先日、年商3億円ほどの建設業を営む社長から、こんな電話がかかってきました。
「税務調査が終わったんですが……追徴が800万円になりそうで。社宅を使った節税をやっていたんですが、全部否認されてしまって」
言葉の端々から、動揺が伝わってきました。不動産を使った節税は、うまくやれば確かに強力な手法です。ただ、やり方を間違えると、節税どころか大きなダメージになりかねません。
法人の不動産節税で陥りやすい失敗パターンを3つ、順番に見ていきたいと思います。
3位:「経費=節税額」という思い込み
「年間120万円の経費が落ちるから、そのまま120万円得をする」——こういう認識の社長、実は少なくありません。
でも、これは正確ではないんです。
法人税率(中小企業の実効税率で概ね30〜34%程度)で計算すると、120万円の経費計上によって減らせる税金は40万円前後にとどまります。120万円払って、手元に残るのは40万円の節税効果。残りの80万円はキャッシュが出ていくだけです。
もちろん、不動産を活用することで会社に資産が積み上がるという側面はあります。ただ、「経費が増えた=それだけ節税できた」という感覚のまま意思決定をすると、投資判断が狂います。本当にペイするかどうか、最初に試算しておくことが大切です。
2位:売るときに「取り戻される」出口課税
不動産を使った節税でもっと見落とされがちなのが、出口——つまり売却時の課税です。
法人が不動産を保有している間は、減価償却費を毎年経費に計上できます。それ自体は正当な節税です。ただし、減価償却した分だけ帳簿上の価値(簿価)は下がっていきます。
そして不動産を売却するとき、売却価格と簿価の差額が「売却益」として法人の利益に計上されます。この売却益に対して、法人税(最大34%程度)が課税されるんです。
たとえば、5,000万円で購入した物件が、20年の減価償却で簿価が1,000万円になったとします。それを4,500万円で売却できた場合、売却益は3,500万円。そこに課税されると、1,000万円超の税負担が生じることもあります。

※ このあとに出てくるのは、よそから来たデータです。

Lemma col_or0_D6m : colz (vcat phi 0 o o).
Proof. by rewrite /col_or0 HC_colsE !mem_cat /vcat phi_o mem_seq1 eqxx !orbT. Qed.

Definition sum2 (v : 'cV['F_2]_(r0 + (m + m))) :=
  exists x y, [/\ colz x, colz y & v = x + y].

Lemma sum2_vcat u a b u1 a1 b1 u2 a2 b2 :
  colz (vcat phi u1 a1 b1) -> colz (vcat phi u2 a2 b2) ->
  u = u1 + u2 -> a = a1 + a2 -> b = b1 + b2 -> sum2 (vcat phi u a b).
Proof.
move=> h1 h2 -> -> ->.
by exists (vcat phi u1 a1 b1), (vcat phi u2 a2 b2); rewrite vcatD.
Qed.

Lemma small_field_beta : (forall x : F, x = 0 \/ x = o) ->
  (exists j, beta j = Some 0) /\ (exists j, beta j = None).
Proof.
move=> small; have o1 : o = 1 by case: (small 1) => // /eqP; rewrite oner_eq0.
have beta01 j : beta j = None \/ beta j = Some 0.
  case bj: (beta j) => [c|]; [right | by left].
  by case: (small c) => [->|co] //; case: (@beta1 j); rewrite bj co o1.
case: tp => blocks _.
have [j0 f0] := blocks (Ordinal (ltnW p2)); have [j1 f1] := blocks (Ordinal p2).
have : beta j0 <> beta j1 by apply: ia; rewrite f0 f1.
by case: (beta01 j0) (beta01 j1) => e0 [] e1; rewrite e0 e1 // => _;
  split; eexists; eassumption.
Qed.

Lemma sum2_axes : sum2 (vcat phi 0 o 0) /\ sum2 (vcat phi 0 0 o).
Proof.
have [/existsP [x /andP [x0 xo]]|nex] := boolP [exists x : F, (x != 0) && (x != o)].
  have xo' : x + o != o by apply: contra x0 => /eqP h; rewrite -(addrKF o x) h addFF.
  split.
    by apply: (sum2_vcat (col_or0_D6l xo) (col_or0_D6l xo')); rewrite ?addr0 ?addKF.
  by apply: (sum2_vcat (col_or0_D6r xo) (col_or0_D6r xo')); rewrite ?addr0 ?addKF.
have small x : x = 0 \/ x = o.
  have [|x0] := eqVneq x 0; [by left | right].
  by apply/eqP; apply: contraR nex => xo; apply/existsP; exists x; rewrite x0.
have [[j bj] [k bk]] := small_field_beta small; split.
  apply: (sum2_vcat (col_or0_Some o bj) (col_or0_Some 0 bj));
    by rewrite ?mul0r ?addr0 // addrr_F2.
apply: (sum2_vcat (col_or0_None o bk) (col_or0_None 0 bk));
  by rewrite ?addr0 // addrr_F2.
Qed.

Lemma sum2_top0 a b : sum2 (vcat phi 0 a b).
Proof.
have zo : 0 != o by rewrite eq_sym.
have [->|ao] := eqVneq a o; have [->|bo] := eqVneq b o.
- by apply: (sum2_vcat col_or0_D6m (col_or0_D6l zo)); rewrite ?addr0.
- have [->|b0] := eqVneq b 0; first by case: sum2_axes.
  have bo' : b + o != o by apply: contra b0 => /eqP h; rewrite -(addrKF o b) h addFF.
  apply: (sum2_vcat col_or0_D6m (col_or0_D6r bo'));
    by rewrite ?addr0 // [RHS]addrC addrKF.
- have [->|a0] := eqVneq a 0; first by case: sum2_axes.
  have ao' : a + o != o by apply: contra a0 => /eqP h; rewrite -(addrKF o a) h addFF.
  apply: (sum2_vcat col_or0_D6m (col_or0_D6l ao'));
    by rewrite ?addr0 // [RHS]addrC addrKF.
- by apply: (sum2_vcat (col_or0_D6l ao) (col_or0_D6r bo)); rewrite ?addr0 ?add0r.
Qed.

Lemma sum2_col j a b : sum2 (vcat phi (col j H0) a b).
Proof.
case bj: (beta j) => [c|]; last first.
  have [->|ao] := eqVneq a o.
    apply: (sum2_vcat (col_or0_None (b + o) bj) col_or0_D6m);
      by rewrite ?addr0 ?add0r ?addrKF.
  by apply: (sum2_vcat (col_or0_None b bj) (col_or0_D6l ao)); rewrite ?addr0 ?add0r.
have [e|ne] := eqVneq (b + c * a) o; last first.
  apply: (sum2_vcat (col_or0_Some a bj) (col_or0_D6r ne));
    by rewrite ?addr0 // [RHS]addrC addrKF.
have [c0|c0] := eqVneq c 0.
  have bo : b = o by rewrite -e c0 mul0r addr0.
  apply: (sum2_vcat (col_or0_Some (a + o) bj) col_or0_D6m); rewrite ?addr0 ?addrKF //.
  by rewrite c0 mul0r add0r.
have [e2|ne2] := eqVneq (a + b / c) o; last first.
  apply: (sum2_vcat (col_or0_Some (b / c) bj) (col_or0_D6l ne2)); rewrite ?addr0 //.
    by rewrite [RHS]addrC addrKF.
  by rewrite mulrC divfK.
(* here c * o = c * a + b = o, which forces the excluded value c = 1 *)
case: (@beta1 j); rewrite bj.
have co : c * o = o by rewrite -{1}e2 mulrDr [c * (b / c)]mulrC divfK // addrC e.
have : (c - 1) * o == 0 by rewrite mulrBl co mul1r subrr.
by rewrite mulf_eq0 (negPf o0) orbF subr_eq0 => /eqP ->.
Qed.

Lemma sum2_col_pair i k a b :
  beta i <> beta k -> sum2 (vcat phi (col i H0 + col k H0) a b).
Proof.
case bi: (beta i) => [d1|]; case bk: (beta k) => [d2|] ne //.
- have d0 : d1 - d2 != 0 by rewrite subr_eq0; apply/eqP => e; apply: ne; rewrite e.
  pose xi := (b - d2 * a) / (d1 - d2).
  apply: (sum2_vcat (col_or0_Some xi bi) (col_or0_Some (a - xi) bk)) => //.
    by rewrite addrC subrK.
  by rewrite /xi; field.
- apply: (sum2_vcat (col_or0_Some a bi) (col_or0_None (b - d1 * a) bk));
    by rewrite ?addr0 // addrC subrK.
- apply: (sum2_vcat (col_or0_None (b - d2 * a) bi) (col_or0_Some a bk));
    by rewrite ?add0r // subrK.
Qed.

Lemma sum2_all v : sum2 v.
Proof.
have [u [a [b ->]]] := vcat_surj phiB v.
have [->|u0] := eqVneq u 0; first exact: sum2_top0.
have [_ /(_ u) [S [_ cS inj sS]]] := tp.
move: cS; rewrite leq_eqVlt ltnS leq_eqVlt ltnS leqn0 => /or3P [].
- case/cards2P=> [i [k [ik SE]]]; move: sS inj; rewrite SE big_setU1 ?inE //= big_set1.
  move=> <- inj; apply/sum2_col_pair/ia; apply: contra ik => /eqP fik.
  by apply/eqP/inj; rewrite ?inE ?eqxx ?orbT.
- by case/cards1P=> j SE; move: sS; rewrite SE big_set1 => <-; apply: sum2_col.
- by rewrite cards_eq0 => /eqP S0; move: sS u0; rewrite S0 big_set0 => ->; rewrite eqxx.
Qed.

Lemma HC_cols_cover v : sum_of_at_most (mxofcols (HC_cols phi H0 beta w)) 2 v.
Proof. by have [x [y [hx hy ->]]] := sum2_all v; apply: col_or0_sum2. Qed.

End Cover.

Unset Implicit Arguments.

Theorem theorem5p1 (r0 n0 p m : nat) (H0 : 'M['F_2]_(r0, n0))
  (f : 'I_n0 -> 'I_p) (F : finFieldType) (phi : F -> 'cV['F_2]_m)
  (beta : 'I_n0 -> option F) (w : 'cV['F_2]_m) :
  code_params H0 3 2 ->
  two_partition H0 f ->
  (1 <= m)%N ->
  (p <= 2 ^ m)%N ->
  #|F| = (2 ^ m)%N ->
  (forall x y : F, phi (x + y) = phi x + phi y) ->
  bijective phi ->
  indicator_assignment f beta ->
  (forall j, beta j <> Some 1) ->
  w != 0 ->
  size (HC_cols phi H0 beta w) = (2 ^ m * (n0 + 2) - 3)%N /\
  code_params (mxofcols (HC_cols phi H0 beta w)) 3 2.
Proof.
move=> [_ [md0 cr0]] tp m1 _ cardF phiD phiB ia beta1 w0.
have nz0 := min_distance_col_neq0 md0 isT.
have inj0 := min_distance_col_inj md0 isT.
have [u nu] := covering_radius_witness cr0.
have p2 : (1 < p)%N.
  rewrite ltnNge; apply/negP => p1; apply: nu.
  exact: sum_of_at_most_le p1 (Rl_partition_cover_blocks tp u).
have [o phi_o] := phi_surj phiB w.
have o0 : o != 0 by apply: contra w0 => /eqP o0; rewrite -phi_o o0 phi0.
have cover := HC_cols_cover phiD phiB phi_o o0 tp p2 ia beta1.
split; first exact: size_HC_cols.
split; first exact: full_rank_of_cover cover.
split; last first.
  apply: covering_radiusS cover _; exists (col_mx u 0).
  by move=> /col_or0_sum1 /HC_cols_col_or0_top.
apply: min_distance3.
- by move=> j; apply/mxofcols_col_neq0/HC_cols_neq0.
- exact/mxofcols_col_inj/uniq_HC_cols.
- exact/HC_cols_dependency/(min_distance_dependency md0).
Qed.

「毎年の節税分が、売るときにまとめて取り戻される」——こう表現するとわかりやすいかもしれません。出口課税を最初から計算に入れて、それでも有利かどうかを確認する視点が欠かせません。
1位:実態のない社宅・経費の計上
さて、冒頭の社長が800万円の追徴を受けたのは、まさにこのケースでした。
社宅として法人で不動産を購入し、役員が住む形をとれば、家賃相当額を会社の経費にすることができます。これ自体は合法的な節税手法です。

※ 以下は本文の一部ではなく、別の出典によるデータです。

(* Let $f$ be a real-valued symmetric ternary tensor in $(\mathbb{C}^3)^{\otimes 3}$, and suppose there exist $\alpha,\beta,\gamma\in\mathbb{C}^3$ with $f=\alpha^{\otimes 3}+\beta^{\otimes 3}+\gamma^{\otimes 3}$ and $\langle\alpha,\beta\rangle=\langle\beta,\gamma\rangle=\langle\gamma,\alpha\rangle=0$. Then there exist real vectors $\alpha',\beta',\gamma'\in\mathbb{R}^3$ with $f=\alpha'^{\otimes 3}+\beta'^{\otimes 3}+\gamma'^{\otimes 3}$ and $\langle\alpha',\beta'\rangle=\langle\beta',\gamma'\rangle=\langle\gamma',\alpha'\rangle=0$. Consequently, there is a $3\times3$ real orthogonal matrix $T$ and $a,b,c\in\mathbb{R}$ such that $T^{\otimes 3} f = a\,e_1^{\otimes 3}+b\,e_2^{\otimes 3}+c\,e_3^{\otimes 3}$.
   Context: A ternary signature on domain $\{1,2,3\}$ (colors R, G, B) is a function $\{1,2,3\}^3\to\mathbb{C}$, identified with a tensor in $(\mathbb{C}^3)^{\otimes 3}$; it is symmetric if invariant under permutation of its arguments. For $u,v\in\mathbb{C}^n$, $\langle u,v\rangle=\sum_j u_jv_j$ (bilinear, no conjugation). $e_1,e_2,e_3$ are the standard basis vectors. For a matrix $T$, $Tf$ denotes $T^{\otimes 3}f$. *)

From HB Require Import structures.
From mathcomp Require Import all_boot all_order all_algebra.
From mathcomp Require Import reals.
From mathcomp Require Export complex.
Set Implicit Arguments. Unset Strict Implicit. Unset Printing Implicit Defensive.
Import Order.TTheory GRing.Theory Num.Theory.
Local Open Scope ring_scope.

(* A ternary signature on domain {1,2,3}, i.e. a tensor in (K^3)^{(x)3},
   indices 'I_3 = {0,1,2} standing for {1,2,3}. *)
Definition tensor3 (K : Type) := 'I_3 -> 'I_3 -> 'I_3 -> K.

Definition symmetric3 (K : Type) (f : tensor3 K) : Prop :=
  forall i j k, f i j k = f j i k /\ f i j k = f i k j.

Definition cube3 (K : pzRingType) (v : 'I_3 -> K) : tensor3 K :=
  fun i j k => v i * v j * v k.

(* bilinear form <u,v> = sum_j u_j v_j (no conjugation) *)
Definition bdot (K : pzRingType) (u v : 'I_3 -> K) : K :=
  \sum_(j < 3) u j * v j.

Definition tens_act (K : pzRingType) (T : 'M[K]_3) (f : tensor3 K) : tensor3 K :=
  fun i j k => \sum_(p < 3) \sum_(q < 3) \sum_(r < 3) T i p * T j q * T k r * f p q r.

Definition ebasis (K : pzRingType) (l : 'I_3) : 'I_3 -> K :=
  fun i => (i == l)%:R.

Definition cvec (R : rcfType) (v : 'I_3 -> R) : 'I_3 -> R[i] :=
  fun i => (v i)%:C%C.
Definition ctens (R : rcfType) (f : tensor3 R) : tensor3 R[i] :=
  fun i j k => (f i j k)%:C%C.

Definition real_valued (R : rcfType) (f : tensor3 R[i]) : Prop :=
  forall i j k, complex.Im (f i j k) = 0.

From HB Require Import structures.
From mathcomp Require Import all_boot all_order all_algebra.
From mathcomp Require Import reals.
From mathcomp Require Import complex.
From mathcomp Require Import ring lra.
Set Implicit Arguments. Unset Strict Implicit. Unset Printing Implicit Defensive.
Import Order.TTheory GRing.Theory Num.Theory.
Local Open Scope ring_scope.

(* Contracting f in one slot with α shows that α is an
   eigenvector of every slice matrix f(l,.,.), with eigenvalue <α,α> α_l; the
   slices are real symmetric, so <α,α> α is a real vector.  Such a vector v
   splits as v^3 = a^3 + u^3 with a real, u isotropic (<u,u> = 0), and both a
   multiple of v: for N = <v,v> ≠ 0 take a = N v / c with c a real cube root of
   <N v, N v> = N^3.  Summing, f = (real part) + (isotropic part); the
   isotropic part is real valued and each of its slices g satisfies <g,g> = 0,
   so it vanishes.  The real parts inherit the orthogonality of α, β, γ.

   Part 2.  Pairwise orthogonal real vectors are multiples of the vectors of an
   orthonormal frame (normalise the nonzero ones, complete with cross
   products).  The matrix T with that frame as rows is orthogonal and T^{(x)3}
   maps each t_i^3 to e_i^3, which diagonalises f. *)

Notation o0 := (@Ordinal 3 0 isT).
Notation o1 := (@Ordinal 3 1 isT).
Notation o2 := (@Ordinal 3 2 isT).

ただ、「形だけ社宅にして、実際には役員や家族が私的に使っている」という実態は、税務調査で厳しくチェックされます。
実態がないと判断されると「仮装・隠蔽」とみなされ、通常の延滞税に加えて重加算税(35%)が上乗せされます。節税のつもりが、元の税額より多く払う羽目になることも珍しくありません。こういったケースでは追徴税額が800万円を超えることもあり、しかも過去にさかのぼって修正されるので「知らなかった」では済まないんです。
社宅として使用するなら、住民票の移動、光熱費の実績、実際の生活の痕跡——こうした証拠を整えておくことが最低条件です。
不動産節税は「最初の設計」で決まる
3つのミスに共通しているのは、どれも「始める前にわかっていれば避けられた」という点です。
不動産節税は確かに有効な手法ですが、入口の節税だけでなく出口の課税まで計算し、実態を伴った運用ができてはじめて効果が出ます。顧問税理士と「5年後・10年後に売ったとき、手元にいくら残るか」を一度シミュレーションしていない社長は、今期中にその確認を取っておくことをおすすめします。
800万円の後悔は、ちょっとした確認と設計で防げることがほとんどです。
※本記事は一般的な情報提供を目的としています。具体的な税務判断は税理士にご相談ください。